Member of Parliament for Grand Bay
- In office 2009–2019
- Preceded by: John Fabien
- Succeeded by: Edward Registe

Ministerial roles
- 2010-2018: Culture
- 2010-2019: Youth
- 2010-2019: Sports
- 2014-2019: Constituency Empowerment

Personal details
- Party: DLP
- Spouses: ; Pierre Charles ​(died 2004)​ ; Farley Riviere ​(m. 2019)​
- Education: University of Technology, Jamaica

= Justina Charles =

Dominican politician

Justina Charles is a Dominican politician.

==Biography==
Justina Charles is Roman Catholic. She is a registered nurse who trained in public health at the University of Technology in Jamaica. She previously worked at the Princess Margaret Hospital. She was married to Prime Minister Pierre Charles who died in office on 6 January 2004.

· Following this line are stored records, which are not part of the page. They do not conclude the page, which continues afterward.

(* Removing [v] then [w], or [w] then [v], leaves the same face with opposite signs. *)
Lemma sum_face_sign_incid (u s : {set 'I_n}) :
  \sum_(v in s) face_sign s v * incid R u (s :\ v) = 0.
Proof.
pose P v w := [&& v \in s, w \in s, v != w & u == s :\ v :\ w].
pose F v w := face_sign s v * face_sign (s :\ v) w.
transitivity (\sum_(p : 'I_n * 'I_n | P p.1 p.2) F p.1 p.2).
  under eq_bigr do rewrite /incid mulr_sumr.
  rewrite pair_big_dep /=; apply: eq_bigl => -[v w] /=.
  by rewrite /P in_setD1 eq_sym; case: (v != w); case: (w \in s); rewrite ?andbF.
apply: (@sum_antisymmetric_pairs R _ P F) => [v w|v|v w].
- by rewrite /P andbCA eq_sym setDDl setUC -setDDl.
- by rewrite /P eqxx !andbF.
- case/and4P=> sv sw Nvw _; rewrite /F.
  case: (ltngtP v w) => [vw|wv|/val_inj evw]; last by rewrite evw eqxx in Nvw.
  + by rewrite face_sign_setD1_gt // face_sign_setD1_lt // mulrN opprK mulrC.
  + by rewrite face_sign_setD1_lt // face_sign_setD1_gt // mulrN mulrC.
Qed.

Lemma sum_incid_faces (G : {set 'I_n} -> R) d s :
    simplicial_complex Delta -> s \in Delta -> #|s| = d.+2 ->
  \sum_(t in Delta | #|t| == d.+1) incid R t s * G t =
  \sum_(v in s) face_sign s v * G (s :\ v).
Proof.
move=> [_ faceD] sD cs.
transitivity (\sum_(t in Delta | #|t| == d.+1)
                \sum_(v in s | t == s :\ v) face_sign s v * G (s :\ v)).
  apply: eq_bigr => t _; rewrite /incid mulr_suml.
  by apply: eq_bigr => v /andP[_ /eqP ->].
rewrite (exchange_big_dep (fun v => v \in s)) /=; last by move=> t v _ /andP[].
apply: eq_bigr => v sv; rewrite (big_pred1 (s :\ v)) // => t /=.
rewrite sv /=; apply/idP/idP => [/andP[] //|/eqP ->].
have csv : #|s :\ v| = d.+1 by move: cs; rewrite (cardsD1 v) sv => -[].
rewrite csv !eqxx !andbT; apply: faceD sD _ _; first exact: subD1set.
by rewrite -cards_eq0 csv.
Qed.

Lemma bd_bd d (a : chain) : simplicial_complex Delta -> bd Delta d (bd Delta d.+1 a) = 0.
Proof.
move=> scD; apply/ffunP => u; rewrite !ffunE; case: ifP => // _.
transitivity (\sum_(s in Delta | #|s| == d.+2)
   a s * \sum_(t in Delta | #|t| == d.+1) incid R t s * incid R u t).
  under eq_bigr => t /andP[tD ct] do rewrite ffunE tD ct /= mulr_suml.
  rewrite exchange_big /=; apply: eq_bigr => s _; rewrite mulr_sumr.
  by apply: eq_bigr => t _; rewrite mulrA.
apply: big1 => s /andP[sD /eqP cs].
by rewrite sum_incid_faces // sum_face_sign_incid mulr0.
Qed.

Lemma Zd_submodule d : submodule (fun c : chain => Zd Delta d c).
Proof.
split.
- by apply/andP; split; [exact: (submod0 (Cd_submodule d)) | rewrite bd0].
- move=> x y /andP[Cx /eqP bx] /andP[Cy /eqP by']; apply/andP; split.
    exact: (submodD (Cd_submodule d) Cx Cy).
  by rewrite bdD bx by' addr0.
- move=> a x /andP[Cx /eqP bx]; apply/andP; split.
    exact: (submodZ a (Cd_submodule d) Cx).
  by rewrite bdZ bx scalec0.
Qed.

Lemma Bd_submodule d : submodule (Bd Delta (R:=R) d).
Proof.
split.
- by exists 0; [exact: (submod0 (Cd_submodule d.+1)) | exact: bd0].
- move=> _ _ [a Ca <-] [b Cb <-]; exists (a + b); last exact: bdD.
  exact: (submodD (Cd_submodule d.+1) Ca Cb).
- move=> c _ [a Ca <-]; exists (scalec c a); last exact: bdZ.
  exact: (submodZ c (Cd_submodule d.+1) Ca).
Qed.

Lemma Bd_Zd d (x : chain) : simplicial_complex Delta -> Bd Delta d x -> Zd Delta d x.
Proof. by move=> scD [a _ <-]; rewrite /Zd bd_Cd bd_bd // eqxx. Qed.
End Chains.

Section CompleteLattice.
Variables (disp : Order.disp_t) (L : latticeType disp) (sup inf : (L -> Prop) -> L).
Hypothesis cdl : CDL sup inf.
Local Notation bot := (botL sup).
Local Notation top := (topL inf).

Lemma le_sup (S : L -> Prop) x : S x -> x <= sup S.
Proof. by case: cdl => hsup _ _ _; case: (hsup S) => ub _; apply: ub. Qed.

Lemma sup_le (S : L -> Prop) u : (forall x, S x -> x <= u) -> sup S <= u.
Proof. by case: cdl => hsup _ _ _; case: (hsup S) => _ lub; apply: lub. Qed.

Lemma inf_le (S : L -> Prop) x : S x -> inf S <= x.
Proof. by case: cdl => _ hinf _ _; case: (hinf S) => lb _; apply: lb. Qed.

Lemma le_inf (S : L -> Prop) u : (forall x, S x -> u <= x) -> u <= inf S.
Proof. by case: cdl => _ hinf _ _; case: (hinf S) => _ glb; apply: glb. Qed.

Lemma botL_le x : bot <= x.
Proof. exact: sup_le. Qed.

Lemma le_topL x : x <= top.
Proof. exact: le_inf. Qed.

Lemma le_botL x : x <= bot -> x = bot.
Proof. by move=> xb; apply/le_anti; rewrite xb botL_le. Qed.

Lemma neq_botL_le x y : x <= y -> x <> bot -> y <> bot.
Proof. by move=> xy xb yb; apply/xb/le_botL; rewrite -yb. Qed.

Lemma sup_ext (S T : L -> Prop) : (forall x, S x <-> T x) -> sup S = sup T.
Proof.
move=> ST; apply/le_anti/andP; split; apply: sup_le => x Sx; apply: le_sup; exact/ST.
Qed.

Lemma meet_sup_le (S T : L -> Prop) u :
  (forall x y, S x -> T y -> Order.meet x y <= u) -> Order.meet (sup S) (sup T) <= u.
Proof.
case: cdl => _ _ meet_supr _ STu; rewrite meet_supr; apply: sup_le => _ [y Ty ->].
rewrite meetC meet_supr; apply: sup_le => _ [x Sx ->]; rewrite meetC; exact: STu.
Qed.

Lemma meet_neq_botL a b : zero_meet_prime sup inf ->
  a <> bot -> b <> bot -> Order.meet a b <> bot.
Proof. by move=> [_ prime] ab bb /prime []. Qed.

End CompleteLattice.

Section GeneratedFuzzySubmodule.
Variables (n : nat) (R : idomainType).
Variables (disp : Order.disp_t) (L : latticeType disp) (sup inf : (L -> Prop) -> L).
Hypothesis cdl : CDL sup inf.
Variables (P : chain n R -> Prop) (f : chain n R -> L).
Local Notation gen := (gen_fuzzy inf P f).

Lemma gen_fuzzy_le nu x :
  fuzzy_submodule inf P nu -> (forall y, P y -> f y <= nu y) -> gen x <= nu x.
Proof. by move=> nuF fnu; apply: (inf_le cdl); exists nu. Qed.

Lemma le_gen_fuzzy l x :
    (forall nu, fuzzy_submodule inf P nu -> (forall y, P y -> f y <= nu y) -> l <= nu x) ->
  l <= gen x.
Proof. by move=> lnu; apply: (le_inf cdl) => _ [nu [nuF fnu ->]]; apply: lnu. Qed.

Lemma gen_fuzzy_submodule : fuzzy_submodule inf P gen.
Proof.
split.
- apply/le_anti; rewrite (le_topL cdl) /=.
  by apply: le_gen_fuzzy => nu [-> _ _] _.
- move=> x y Px Py; apply: le_gen_fuzzy => nu nuF fnu; have [_ nuD _] := nuF.
  by apply: le_trans _ (nuD x y Px Py); apply: leI2; apply: gen_fuzzy_le.
- move=> a x Px; apply: le_gen_fuzzy => nu nuF fnu; have [_ _ nuZ] := nuF.
  exact: le_trans (gen_fuzzy_le x nuF fnu) (nuZ a x Px).
Qed.

End GeneratedFuzzySubmodule.

Section CosetSup.
Variables (n : nat) (R : idomainType).
Variables (disp : Order.disp_t) (L : latticeType disp) (sup inf : (L -> Prop) -> L).
Hypothesis cdl : CDL sup inf.
Variables (Q : chain n R -> Prop) (nu : chain n R -> L).
Hypothesis Q_submodule : submodule Q.
Hypothesis nu0 : nu 0 = topL inf.
Hypothesis nuD : forall x y, Order.meet (nu x) (nu y) <= nu (x + y).
Hypothesis nuZ : forall a x, nu x <= nu (scalec a x).

Definition coset_sup (h : chain n R) : L := sup (fun l => exists2 z, Q (z - h) & l = nu z).

Lemma le_coset_sup h : nu h <= coset_sup h.
Proof. by apply: (le_sup cdl); exists h; rewrite // subrr; apply: submod0. Qed.

Lemma coset_sup_fuzzy_submodule (P : chain n R -> Prop) : fuzzy_submodule inf P coset_sup.
Proof.
split.
- by apply/le_anti; rewrite (le_topL cdl) -nu0 le_coset_sup.
- move=> x y _ _; apply: (meet_sup_le cdl) => _ _ [z Qzx ->] [w Qwy ->].
  apply: le_trans (nuD z w) _; apply: (le_sup cdl); exists (z + w) => //.
  by rewrite opprD addrACA; apply: submodD.
- move=> a x _; apply: (sup_le cdl) => _ [z Qzx ->].
  apply: le_trans (nuZ a z) _; apply: (le_sup cdl); exists (scalec a z) => //.
  by rewrite -scalecB; apply: submodZ.
Qed.

End CosetSup.

Section FuzzyHomology.
Variables (n : nat) (Delta : {set {set 'I_n}}) (R : idomainType).
Variables (disp : Order.disp_t) (L : latticeType disp) (sup inf : (L -> Prop) -> L).
Variable mu : {set 'I_n} -> L.
Hypothesis cdl : CDL sup inf.
Hypothesis zero_prime : zero_meet_prime sup inf.
Hypothesis mu_neq_bot : forall s, s \in Delta -> mu s <> botL sup.
Local Notation bot := (botL sup).
Local Notation top := (topL inf).
Local Notation chain := (chain n R).
Local Notation kappa d := (kappa Delta (R:=R) sup inf mu d).
Local Notation zeta d := (zeta Delta (R:=R) sup inf mu d).
Local Notation beta d := (beta Delta (R:=R) sup inf mu d).
Local Notation eta d := (eta_hom Delta (R:=R) sup inf mu d).

Definition meet_mu (r : seq {set 'I_n}) : L := foldr (fun s l => Order.meet (mu s) l) top r.

Lemma meet_mu_neq_botL r : {subset r <= Delta} -> meet_mu r <> bot.
Proof.
case: zero_prime => top_neq_bot _.
elim: r => [|s r IH] rD /=; first by move=> /esym.
apply: (meet_neq_botL zero_prime); first by apply: mu_neq_bot; apply: rD; rewrite mem_head.
by apply: IH => t rt; apply: rD; rewrite inE rt orbT.
Qed.

Lemma meet_mu_le_sum d nu (c : {set 'I_n} -> R) r :
    fuzzy_submodule inf (Cd Delta d) nu ->
    (forall y, Cd Delta d y -> delta Delta sup mu d y <= nu y) ->
    (forall s, s \in r -> (s \in Delta) && (#|s| == d.+1)) ->
  meet_mu r <= nu (\sum_(s <- r) scalec (c s) (elem R s)).
Proof.
move=> [nu0 nuD nuZ] delta_nu.
have term_Cd s : (s \in Delta) && (#|s| == d.+1) -> Cd Delta d (scalec (c s) (elem R s)).
  by case/andP=> sD /eqP cs; apply: (submodZ (c s) (Cd_submodule Delta R d)); apply: elem_Cd.
elim: r => [|s r IH] simplices; first by rewrite big_nil nu0.
have sr : (s \in Delta) && (#|s| == d.+1) by apply: simplices; rewrite mem_head.
have {}simplices t : t \in r -> (t \in Delta) && (#|t| == d.+1).
  by move=> rt; apply: simplices; rewrite inE rt orbT.
rewrite big_cons /=; apply: le_trans _ (nuD _ _ (term_Cd _ sr) _); last first.
  by apply: submod_sum (Cd_submodule Delta R d) _ => t /simplices /term_Cd.
apply: leI2; last exact: IH.
case/andP: sr => sD /eqP cs; have Cs := elem_Cd R sD cs.
apply: le_trans _ (nuZ (c s) _ Cs); apply: le_trans _ (delta_nu _ Cs).
by apply: (le_sup cdl); exists s.
Qed.

Lemma kappa_neq_botL d x : Cd Delta d x -> kappa d x <> bot.
Proof.
move=> Cx; pose r := [seq s <- index_enum {set 'I_n} | x s != 0].
have simplices s : s \in r -> (s \in Delta) && (#|s| == d.+1).
  by rewrite mem_filter => /andP[xs _]; apply: Cd_support Cx xs.
apply: (neq_botL_le cdl _ (meet_mu_neq_botL (r := r) _)); last first.
  by move=> s /simplices /andP[].
apply: (le_gen_fuzzy cdl) => nu nuF delta_nu.
by rewrite [x in nu x]chain_expansion; apply: (meet_mu_le_sum x nuF delta_nu simplices).
Qed.

Lemma kappa_fuzzy_submodule d : fuzzy_submodule inf (Cd Delta d) (kappa d).
Proof. exact: (gen_fuzzy_submodule cdl). Qed.

Lemma zeta_neq_botL d y : zeta d y <> bot <-> Zd Delta d y.
Proof.
rewrite /Defs.zeta; case: ifP => Zy; split => // _.
by apply: kappa_neq_botL; case/andP: Zy.
Qed.

Lemma beta_neq_botL d y : beta d y <> bot <-> Bd Delta d y.
Proof.
rewrite /Defs.beta; split.
  case: ifP => // Cy beta_y; apply: NNPP => NBy; apply/beta_y/(le_botL cdl).
  apply: le_trans (leIr _ _) _; apply: (sup_le cdl) => l [a [Ca bda _]].
  by case: NBy; exists a.
move=> [a Ca bda]; rewrite -bda bd_Cd; apply: (meet_neq_botL zero_prime).
  exact/kappa_neq_botL/bd_Cd.
apply: (neq_botL_le cdl _ (kappa_neq_botL Ca)); apply: (le_sup cdl).
by exists a.
Qed.

Lemma zetaD d (x y : chain) : Order.meet (zeta d x) (zeta d y) <= zeta d (x + y).
Proof.
rewrite /Defs.zeta; case: ifP => Zx; last exact: le_trans (leIl _ _) (botL_le cdl _).
case: ifP => Zy; last exact: le_trans (leIr _ _) (botL_le cdl _).
rewrite (submodD (Zd_submodule _ _ _) Zx Zy).
by case: (kappa_fuzzy_submodule d) => _ + _; apply; [case/andP: Zx | case/andP: Zy].
Qed.

Lemma zetaZ d a (x : chain) : zeta d x <= zeta d (scalec a x).
Proof.
rewrite /Defs.zeta; case: ifP => Zx; last exact: (botL_le cdl).
rewrite (submodZ a (Zd_submodule _ _ _) Zx).
by case: (kappa_fuzzy_submodule d) => _ _; apply; case/andP: Zx.
Qed.

Lemma zeta0 d : zeta d 0 = top.
Proof.
rewrite /Defs.zeta (submod0 (Zd_submodule _ _ _)).
by case: (kappa_fuzzy_submodule d).
Qed.

Lemma gen_supp_zeta d x : gen_sub (supp sup (zeta d)) x <-> Zd Delta d x.
Proof. exact: (gen_sub_id (Zd_submodule _ _ _) (zeta_neq_botL d)). Qed.

Lemma gen_supp_beta d x : gen_sub (supp sup (beta d)) x <-> Bd Delta d x.
Proof. exact: (gen_sub_id (Bd_submodule _ _ _) (beta_neq_botL d)). Qed.

Lemma eta_hom_coset_sup d h :
  eta d h = coset_sup sup (Bd Delta d) (zeta d) h.
Proof.
apply: (sup_ext cdl) => l; split; first by move=> [z [/gen_supp_beta Bzh ->]]; exists z.
by move=> [z Bzh ->]; exists z; split => //; apply/gen_supp_beta.
Qed.

Lemma eta_fuzzy_submodule d : fuzzy_submodule inf (Zd Delta d) (eta d).
Proof.
have [eta0 etaD etaZ] : fuzzy_submodule inf (Zd Delta d) (coset_sup sup (Bd Delta d) (zeta d)).
  apply: coset_sup_fuzzy_submodule => //;
    [exact: Bd_submodule | exact: zeta0 | exact: zetaD | exact: zetaZ].
split=> [|x y Zx Zy|a x Zx]; rewrite !eta_hom_coset_sup //; [exact: etaD | exact: etaZ].
Qed.

Lemma coset_sup_zeta_kappa d h : simplicial_complex Delta -> Zd Delta d h ->
  coset_sup sup (Bd Delta d) (zeta d) h = coset_sup sup (Bd Delta d) (kappa d) h.
Proof.
move=> scD Zh; apply: (sup_ext cdl) => l.
suff zeta_kappa z : Bd Delta d (z - h) -> zeta d z = kappa d z.
  by split=> -[z Bzh ->]; exists z; rewrite ?zeta_kappa.
move=> Bzh; rewrite /Defs.zeta (_ : Zd Delta d z) // -(subrK h z).
exact: submodD (Zd_submodule _ _ _) (Bd_Zd scD Bzh) Zh.
Qed.

Lemma eta_hom_gt_botL d h : Zd Delta d h -> bot < eta d h.
Proof.
move=> Zh; rewrite lt_neqAle (botL_le cdl) andbT eta_hom_coset_sup; apply/eqP => /esym.
apply: (neq_botL_le cdl (le_coset_sup cdl (zeta d) (Bd_submodule _ _ _) h)).
exact/zeta_neq_botL.
Qed.

End FuzzyHomology.

Theorem mainTheorem12 (n : nat) (Delta : {set {set 'I_n}}) (R : idomainType)
    (disp : Order.disp_t) (L : latticeType disp) (sup inf : (L -> Prop) -> L)
    (mu : {set 'I_n} -> L) (d : nat) :
  simplicial_complex Delta ->
  PID R ->
  CDL sup inf ->
  zero_meet_prime sup inf ->
  fuzzy_subcomplex Delta mu ->
  (forall sigma, sigma \in Delta -> mu sigma <> botL sup) ->
  let Z := Zd Delta (R:=R) d in
  let B := Bd Delta (R:=R) d in
  let eta_d := eta_hom Delta (R:=R) sup inf mu d in
  [/\ (forall x, gen_sub (supp sup (zeta Delta (R:=R) sup inf mu d)) x <-> Z x),
      (forall x, gen_sub (supp sup (beta Delta (R:=R) sup inf mu d)) x <-> B x),
      fuzzy_submodule inf Z eta_d,
      (forall h, Z h ->
         eta_d h = sup (fun l => exists2 z, B (z - h) & l = zeta Delta sup inf mu d z) /\
         eta_d h = sup (fun l => exists2 z, B (z - h) & l = kappa Delta sup inf mu d z)) &
      (forall h, Z h -> botL sup < eta_d h)].
Proof.
move=> scD _ cdl zero_prime _ mu_neq_bot Z B eta_d; split.
- exact: gen_supp_zeta.
- exact: gen_supp_beta.
- exact: eta_fuzzy_submodule.
- move=> h Zh; rewrite /eta_d eta_hom_coset_sup //; split => //.
  exact: coset_sup_zeta_kappa.
- exact: eta_hom_gt_botL.
Qed.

Charles was elected to represent the Grand Bay constituency in the House of Assembly in the 2009 general election. She ran with the ruling Dominica Labour Party (DLP). On 4 January 2010, Charles was sworn in as minister for culture, youth, and sports. She was re-elected in 2014. On 13 December 2014, Charles was sworn in as minister for youth, sports, culture, and constituency empowerment. In April 2018, Prime Minister Roosevelt Skerrit reshuffled his cabinet. Charles retained all of her cabinet appointments, except for as minister for culture.

On 17 February 2019, Prime Minister Skerrit announced the candidates for the DLP for the 2019 general election. Charles was not on the list of candidates. In April 2019, Charles remarried to deputy fire chief, Farley Riviere. She did not contest the 2019 election. In December 2019, following the election, Prime Minister Skerrit appointed his new cabinet.